8. Continuing unlawful killings of political opponents. Many groups
have documented Saddam Hussein's ongoing campaign against political
opponents, including killings, tortures, and -- lately -- rape. As
some of you may know, the regime has been using sexual assaults of
women in an effort to intimidate leaders of the Iraqi opposition. We
salute the courage of opposition leaders such as General Najib
al-Salihi for speaking out about this crime. The regime is also
carrying out a systematic campaign of murder and intimidation of
clergy, especially Shi'a clergy. The number of those killed unlawfully
is difficult to estimate but must be well in excess of 10,000 since
Saddam Hussein officially seized power in 1980. The number of victims
of torture no doubt well exceeds the number of those killed.

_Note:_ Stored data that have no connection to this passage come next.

(* Let $a\in C^1([0,T]\times[-\pi,\pi])$ solve $$\partial_t a+\Big(\int_{-\pi}^x a(t,\bar x)\,d\bar x\Big)\partial_x a-a^2+\frac1\pi\int_{-\pi}^{\pi}a^2\,dx=0,\qquad \int_{-\pi}^\pi a(t,x)dx=0,$$ and set $a_0=a(0,\cdot)$. Assume $\partial_x a_0(x_0^* )=0$ at some point $x_0^*$. Then for all $t\in[0,T]$, $\partial_x a(t,x^*(t))=0$, where $x^*$ is the characteristic starting from $x_0^*$.
   Context: The characteristic starting from $x_0^*$ is the solution of $\frac{d}{dt}x^*(t)=\int_{-\pi}^{x^*(t)}a(t,x)\,dx$, $x^*(0)=x_0^*$. *)

From Stdlib Require Import Reals.
From Coquelicot Require Import Coquelicot.
Open Scope R_scope.

Definition rect (T : R) (p : R * R) : Prop :=
  0 <= fst p <= T /\ - PI <= snd p <= PI.

Definition cont_on_rect (T : R) (f : R -> R -> R) : Prop :=
  forall p : R * R, rect T p ->
    filterlim (fun q : R * R => f (fst q) (snd q))
      (within (rect T) (locally p)) (locally (f (fst p) (snd p))).

Definition C1_rect (T : R) (a at_ ax : R -> R -> R) : Prop :=
  (forall t x, 0 < t < T -> - PI < x < PI ->
     is_derive (fun s => a s x) t (at_ t x) /\
     is_derive (fun y => a t y) x (ax t x)) /\
  cont_on_rect T a /\ cont_on_rect T at_ /\ cont_on_rect T ax.

Definition characteristic (T : R) (a : R -> R -> R) (x0 : R) (xs : R -> R) : Prop :=
  xs 0 = x0 /\
  (forall t, 0 <= t <= T -> - PI <= xs t <= PI) /\
  (forall t, 0 <= t <= T ->
     filterlim xs (within (fun s => 0 <= s <= T) (locally t)) (locally (xs t))) /\
  (forall t, 0 < t < T ->
     is_derive xs t (RInt (fun x => a t x) (- PI) (xs t))).

(** Differentiating the equation in [x] would give [d/dt a_x(t, x*(t)) = a a_x] along the
    characteristic, but [a] is only C^1.  Instead compare [a] along the characteristic [X]
    with [a] along the nearby curve [Y = X + h J], where [J' = a(t, X) J] and [J(0) = 1].
    Then [Y' - A(t, Y) = o(h)] with [A(t, y) = int_{-pi}^y a(t, x) dx], and the equation
    turns this into [G' = (a(t, Y) + a(t, X)) G + o(h)] for [G = a(t, Y) - a(t, X)].
    Since [a_x(0, x0) = 0], [G(0) = o(h)], so Gronwall gives [G(t) = o(h)]; but
    [G(t) = a_x(t, X t) h J(t) + o(h)] with [J] bounded below.  The sign of [h] is chosen so
    that [Y] stays in [[-pi, pi]]: by the zero-mean condition [A] vanishes at both ends, so
    [X] keeps a positive distance from the end it does not start at. *)

From Stdlib Require Import Reals Lra Lia.
From Coquelicot Require Import Coquelicot.
Open Scope R_scope.
Set Bullet Behavior "Strict Subproofs".

Definition clamp (lo hi x : R) : R := Rmax lo (Rmin hi x).

Lemma clamp_id lo hi x : lo <= x <= hi -> clamp lo hi x = x.
Proof. unfold clamp, Rmax, Rmin; repeat destruct Rle_dec; lra. Qed.

Lemma clamp_in lo hi x : lo <= hi -> lo <= clamp lo hi x <= hi.
Proof. unfold clamp, Rmax, Rmin; repeat destruct Rle_dec; lra. Qed.

Lemma clamp_lipschitz lo hi x y : Rabs (clamp lo hi x - clamp lo hi y) <= Rabs (x - y).
Proof.
  unfold clamp, Rmax, Rmin, Rabs; repeat destruct Rle_dec; repeat destruct Rcase_abs; lra.
Qed.

Lemma Rmin_Rmax_in lo hi y y' : lo <= y <= hi -> lo <= y' <= hi ->
  lo <= Rmin y y' /\ Rmax y y' <= hi.
Proof. unfold Rmin, Rmax; destruct Rle_dec; lra. Qed.
(* Let $L\ge2$, $C\ge1$, fix an input $x$ and a label $y\in\{1,\dots,C\}$, and let $A(\bm\theta),B(\bm\theta)\in\mathbb R^C$ be the functions of the ReLU network parameters $\bm\theta=(W_1,b_1,\dots,W_L,b_L)$ defined in the context, so that $F_x(\bm\theta)=A(\bm\theta)-B(\bm\theta)$ is the network output. Define the cross-entropy loss $\mathcal L^{\mathrm{CE}}_{x,y}(\bm\theta)=\operatorname{LSE}(F_x(\bm\theta))-A_y(\bm\theta)+B_y(\bm\theta)$, where $\operatorname{LSE}(t)=\log\sum_{c=1}^Ce^{t_c}=\max_{p\in\Delta_C}\{\langle p,t\rangle-\sum_cp_c\log p_c\}$ and $\Delta_C=\{p\ge0:\mathbf 1^\top p=1\}$. Let $g(\bm\theta)=\operatorname{LSE}(F_x(\bm\theta))+\mathbf 1^\top B(\bm\theta)+B_y(\bm\theta)$ and $h(\bm\theta)=A_y(\bm\theta)+\mathbf 1^\top B(\bm\theta)$. Then $\mathcal L^{\mathrm{CE}}_{x,y}=g-h$, and for every block $\theta_l=(W_l,b_l)$, with all other blocks fixed, $g$ and $h$ are convex in $\theta_l$; i.e. this is a BDC decomposition of $\mathcal L^{\mathrm{CE}}_{x,y}$.
   Context: Network: $W_l\in\mathbb R^{d_l\times d_{l-1}}$, $b_l\in\mathbb R^{d_l}$ for $l<L$, $W_L\in\mathbb R^{C\times d_{L-1}}$, $b_L\in\mathbb R^C$; $\sigma(t)=\max\{t,0\}$ entrywise; vector max coordinatewise. Set $Z_1^+=\sigma(W_1x+b_1)$, $Z_1^-=0$ and for $l=1,\dots,L-2$: $p_{l+1}=\sigma(W_{l+1})Z_l^++\sigma(-W_{l+1})Z_l^-+b_{l+1}$, $Z_{l+1}^-=\sigma(W_{l+1})Z_l^-+\sigma(-W_{l+1})Z_l^+$, $Z_{l+1}^+=\max\{p_{l+1},Z_{l+1}^-\}$. Then $A(\bm\theta)=\sigma(W_L)Z_{L-1}^++\sigma(-W_L)Z_{L-1}^-+\sigma(b_L)$ and $B(\bm\theta)=\sigma(W_L)Z_{L-1}^-+\sigma(-W_L)Z_{L-1}^++\sigma(-b_L)$; $A_y,B_y$ denote their $y$-th coordinates. *)

From HB Require Import structures.
From mathcomp Require Import all_boot all_order all_algebra.
From mathcomp Require Import reals.
From mathcomp Require Import sequences exp.
Set Implicit Arguments. Unset Strict Implicit. Unset Printing Implicit Defensive.
Import Order.TTheory GRing.Theory Num.Theory.
Local Open Scope ring_scope.

Section Net.
Variable R : realType.
(* widths: d l = d_l; layer l (1 <= l <= L) has W l : d_l x d_{l-1}, b l : d_l.
   The number of layers is L = n.+2 (so L >= 2) and C = d L. *)
Variable d : nat -> nat.

Definition Params := forall l : nat, 'M[R]_(d l, d l.-1).
Definition Biases := forall l : nat, 'cV[R]_(d l).

Definition relu {m k : nat} (M : 'M[R]_(m, k)) : 'M[R]_(m, k) :=
  map_mx (fun t => Num.max t 0) M.
Definition vmax {m k : nat} (M N : 'M[R]_(m, k)) : 'M[R]_(m, k) :=
  \matrix_(i, j) Num.max (M i j) (N i j).

Variables (x : 'cV[R]_(d 0%N)) (W : Params) (b : Biases).
(* Let $\phi$ be a formula well-formed in $\Sigma$ and $a,b$ terms of a common name type well-typed in $\Sigma$. In the sequent calculus $NL^{\Rightarrow}$: if $\Sigma;\Gamma,(a\;b)\cdot\phi\Rightarrow\Delta$ is derivable, then $\Sigma;\Gamma,\phi\Rightarrow\Delta$ has a derivation of the same logical height; and if $\Sigma;\Gamma\Rightarrow(a\;b)\cdot\phi,\Delta$ is derivable, then $\Sigma;\Gamma\Rightarrow\phi,\Delta$ has a derivation of the same logical height.
   Context: Types $\tau ::= \delta \mid \nu \mid \langle\nu\rangle\tau$ ($\delta$ data types, $\nu$ name types). Terms $t ::= x \mid \mathsf{a} \mid c \mid f(\vec t)$ over variables $x$ and a disjoint countably infinite set of name-symbols $\mathsf a$; the signature contains, for all $\nu,\tau$, swapping $(a\;b)\cdot t$, abstraction $\langle a\rangle t$, equality $t\approx u$, freshness $a\#t$, besides constants $c$, function symbols $f$, relation symbols $p$. Formulas: $\top,\bot$, atoms, $\wedge,\vee,\supset,\forall x{:}\tau,\exists x{:}\tau$, and $\mathsf N\mathsf a{:}\nu.\phi$ (binding the name-symbol $\mathsf a$). Swapping on formulas: $(a\;b)\cdot\top=\top$, $(a\;b)\cdot\bot=\bot$, $(a\;b)\cdot p(\vec t)=p((a\;b)\cdot\vec t)$, commuting with $\wedge,\vee,\supset$, with $\forall x,\exists x$ (for $x$ not free in $a,b$) and with $\mathsf N\mathsf a$ (for $\mathsf a$ not occurring in $a,b$). Contexts $\Sigma::=\cdot\mid\Sigma,x{:}\tau\mid\Sigma\#\mathsf a{:}\nu$ (no symbol twice; $\Sigma\#\mathsf a{:}\nu$ means $\mathsf a$ is fresh for everything in $\Sigma$); $Tm_\Sigma$ = terms well-typed in $\Sigma$; $|\cdot|=\emptyset$, $|\Sigma,x{:}\tau|=|\Sigma|$, $|\Sigma\#\mathsf a{:}\nu|=|\Sigma|\cup\{\mathsf a\#t\mid t\in Tm_\Sigma\}$. Rules of $NL^{\Rightarrow}$ for $\Sigma;\Gamma\Rightarrow\Delta$: (i) classical G3c rules: initial sequents $\Sigma;\Gamma,P\Rightarrow P,\Delta$ ($P$ atomic), $\top R$, $\bot L$, context-sharing left/right rules for $\wedge,\vee,\supset,\forall,\exists$; (ii) $\mathsf N R$: from $\Sigma\#\mathsf a{:}\nu;\Gamma\Rightarrow\phi,\Delta$ infer $\Sigma;\Gamma\Rightarrow\mathsf N\mathsf a{:}\nu.\phi,\Delta$; $\mathsf N L$: from $\Sigma\#\mathsf a{:}\nu;\Gamma,\phi\Rightarrow\Delta$ infer $\Sigma;\Gamma,\mathsf N\mathsf a{:}\nu.\phi\Rightarrow\Delta$ ($\mathsf a\notin\Sigma$); (iii) nonlogical rules: $\approx R$: from $\Sigma;\Gamma,t\approx t\Rightarrow\Delta$ infer $\Sigma;\Gamma\Rightarrow\Delta$; $\approx S$: from $\Sigma;\Gamma,t\approx u,P(t),P(u)\Rightarrow\Delta$ infer $\Sigma;\Gamma,t\approx u,P(t)\Rightarrow\Delta$; for each instance $\bigwedge_j P_j\supset\bigvee_{i\le m}Q_i$ of (S1) $(a\;a)\cdot x\approx x$, (S2) $(a\;b)\cdot(a\;b)\cdot x\approx x$, (S3) $(a\;b)\cdot a\approx b$, (E1) $(a\;b)\cdot c\approx c$, (E2) $(a\;b)\cdot f(\vec t)\approx f((a\;b)\cdot\vec t)$, (E3) $p(\vec t)\supset p((a\;b)\cdot\vec t)$, (F1) $a\#x\wedge b\#x\supset(a\;b)\cdot x\approx x$, (F2) $a\#b$ ($a,b$ of distinct name types), (F3) $a\#a\supset\bot$, (F4) $a\#b\vee a\approx b$, (A1) $a\#y\wedge x\approx(a\;b)\cdot y\supset\langle a\rangle x\approx\langle b\rangle y$ (arbitrary well-typed terms), the rule: from $\Sigma;\Gamma,\vec P,Q_i\Rightarrow\Delta$ for all $i$ infer $\Sigma;\Gamma,\vec P\Rightarrow\Delta$; (A2) from $\Sigma;\Gamma,E,a\approx b,t\approx u\Rightarrow\Delta$ and $\Sigma;\Gamma,E,a\#u,t\approx(a\;b)\cdot u\Rightarrow\Delta$ infer $\Sigma;\Gamma,E\Rightarrow\Delta$, $E$ being $\langle a\rangle t\approx\langle b\rangle u$; (A3) from $\Sigma\vdash t:\langle\nu\rangle\sigma$ and $\Sigma,a{:}\nu,x{:}\sigma;\Gamma,t\approx\langle a\rangle x\Rightarrow\Delta$ ($a,x\notin\Sigma$) infer $\Sigma;\Gamma\Rightarrow\Delta$; (F) from $\Sigma\#\mathsf a{:}\nu;\Gamma\Rightarrow\Delta$ ($\mathsf a\notin\Sigma$) infer $\Sigma;\Gamma\Rightarrow\Delta$; ($\Sigma\#$) from $\Sigma;\Gamma,\mathsf a\#t\Rightarrow\Delta$ with $\mathsf a\#t\in|\Sigma|$ infer $\Sigma;\Gamma\Rightarrow\Delta$. The rules in (i) and (ii) are the logical rules; the logical height of a derivation is the maximum number of logical rules on any branch. *)

(* Syntax and sequent calculus NL^=> of nominal logic,
   in locally-nameless style (bound variables / bound name-symbols are
   de Bruijn indices, free ones are named by nat). *)
From Stdlib Require Import List Permutation Arith.
Import ListNotations.
Set Implicit Arguments.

And this was known ALL ALONG. When Rumsfeld met Saddam in 1983 he knew all these things had happened, and that didn't stop him from shaking Hussein's hand and doing business with him.



The entire point all of you Saddam lovers can't make here is that between WWII and GW-II military technology has dramatically reduced "colateral" Damage, WHY? Because the EVIL warmongers really don't want to kill civilians. The world has spent trillions to save civilian lives in battles.

It is still amazing that ALL of you anti-Iraq war poor Saddam lovers would put such a "butcher" back in power. Liberalism is a mental disease........


Watch who you accuse of having a mental disease when your points are so lame as to be laughable.

Your country invaded a country illegally, used the lamest excuses to justify it (which the UN and pretty much the rest of the world recognized as lies and refused to go along with), and brought about the deaths of 100,000 civilians.

At the time of the invasion, the ONLY reason was that Saddam had WMD. Now, when the WMD's are obviously a fabrication, people try to rewrite history and say that the REAL reason was because Saddam was a bad man.

When it's worth your while financially, your country deals with the worst dictators on the face of the planet and turns a blind eye to their crimes when it pleases them to do so.

So spare all of us this absolute garbage. The last 50 years of United States foreign policy shows the proof that everyone needs to know. Your country embraces this Evil when it suits them either financially or militarily.

If you don't believe it, educate yourself and you'll see it's true.

Or stay ignorant. Just let me know you choose to stay ignorant and clueless and I'll happily block you.

jako


p.s. I am not a Saddam-lover. The world is not black and white despite what your semi-retarded President says.